## How to complete this task
Below are some records; output exactly the lines from the line with "(forall a x y z, mul (a" to the line with "[/\ forall a x, n", both ends kept, and nothing more.

## Raw data
(* Let $\mathcal{C}$ be the split Cayley algebra over a field $\mathbb{F}$ with norm $\mathrm{n}$. Then every $2$-local automorphism of $\mathcal{C}$ is an automorphism; that is, the set of $2$-local automorphisms of $\mathcal{C}$ equals $\mathrm{Aut}(\mathcal{C})$.
   Context: A Cayley (octonion) algebra over $\mathbb{F}$ is a unital nonassociative algebra $\mathcal{C}$ of dimension $8$ over $\mathbb{F}$ endowed with a quadratic form $\mathrm{n}:\mathcal{C}\to\mathbb{F}$ (the norm) such that $\mathrm{n}(xy)=\mathrm{n}(x)\mathrm{n}(y)$ for all $x,y$ and whose polar form $\mathrm{n}(x,y)=\mathrm{n}(x+y)-\mathrm{n}(x)-\mathrm{n}(y)$ is nondegenerate. The split Cayley algebra is the (unique up to isomorphism) Cayley algebra whose norm is isotropic, i.e. $\mathrm{n}(x)=0$ for some $x\neq 0$. A map $\Delta:\mathcal{C}\to\mathcal{C}$ (not assumed linear) is a $2$-local automorphism if for every pair $x,y\in\mathcal{C}$ there is an algebra automorphism $\varphi_{x,y}$ of $\mathcal{C}$ with $\Delta(x)=\varphi_{x,y}(x)$ and $\Delta(y)=\varphi_{x,y}(y)$. *)

From HB Require Import structures.
From mathcomp Require Import all_boot all_order all_algebra.
Set Implicit Arguments. Unset Strict Implicit. Unset Printing Implicit Defensive.
Import GRing.Theory.
Local Open Scope ring_scope.

Section CayleyDefs.
Variables (F : fieldType) (V : vectType F).

Definition bilinear_mul (mul : V -> V -> V) : Prop :=
  (forall a x y z, mul (a *: x + y) z = a *: mul x z + mul y z) /\
  (forall a x y z, mul z (a *: x + y) = a *: mul z x + mul z y).

Definition polar (n : V -> F) (x y : V) : F := n (x + y) - n x - n y.

Definition quadratic_form (n : V -> F) : Prop :=
  [/\ forall a x, n (a *: x) = a ^+ 2 * n x,
      forall a x y z, polar n (a *: x + y) z = a * polar n x z + polar n y z
    & forall a x y z, polar n z (a *: x + y) = a * polar n z x + polar n z y].

Definition nondegenerate_polar (n : V -> F) : Prop :=
  forall x, (forall y, polar n x y = 0) -> x = 0.

Definition cayley_algebra (mul : V -> V -> V) (n : V -> F) : Prop :=
  [/\ \dim {:V} = 8%N,
      bilinear_mul mul,
      exists e : V, forall x, mul e x = x /\ mul x e = x,
      quadratic_form n /\ nondegenerate_polar n
    & forall x y, n (mul x y) = n x * n y].

Definition isotropic (n : V -> F) : Prop := exists x : V, x != 0 /\ n x = 0.

Definition split_cayley_algebra (mul : V -> V -> V) (n : V -> F) : Prop :=
  cayley_algebra mul n /\ isotropic n.

Definition is_automorphism (mul : V -> V -> V) (f : V -> V) : Prop :=
  [/\ forall a x y, f (a *: x + y) = a *: f x + f y,
      bijective f
    & forall x y, f (mul x y) = mul (f x) (f y)].

(* 2-local automorphism (no linearity assumed) *)
Definition two_local_automorphism (mul : V -> V -> V) (D : V -> V) : Prop :=
  forall x y : V, exists phi : V -> V,
    [/\ is_automorphism mul phi, D x = phi x & D y = phi y].

End CayleyDefs.

From HB Require Import structures.
From mathcomp Require Import all_boot all_order all_algebra.
From mathcomp Require Import ring.
From Stdlib Require Import Classical.
Set Implicit Arguments. Unset Strict Implicit. Unset Printing Implicit Defensive.
Import GRing.Theory.
Local Open Scope ring_scope.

## Solution to this problem
  (forall a x y z, mul (a *: x + y) z = a *: mul x z + mul y z) /\
  (forall a x y z, mul z (a *: x + y) = a *: mul z x + mul z y).

Definition polar (n : V -> F) (x y : V) : F := n (x + y) - n x - n y.

Definition quadratic_form (n : V -> F) : Prop :=
  [/\ forall a x, n (a *: x) = a ^+ 2 * n x,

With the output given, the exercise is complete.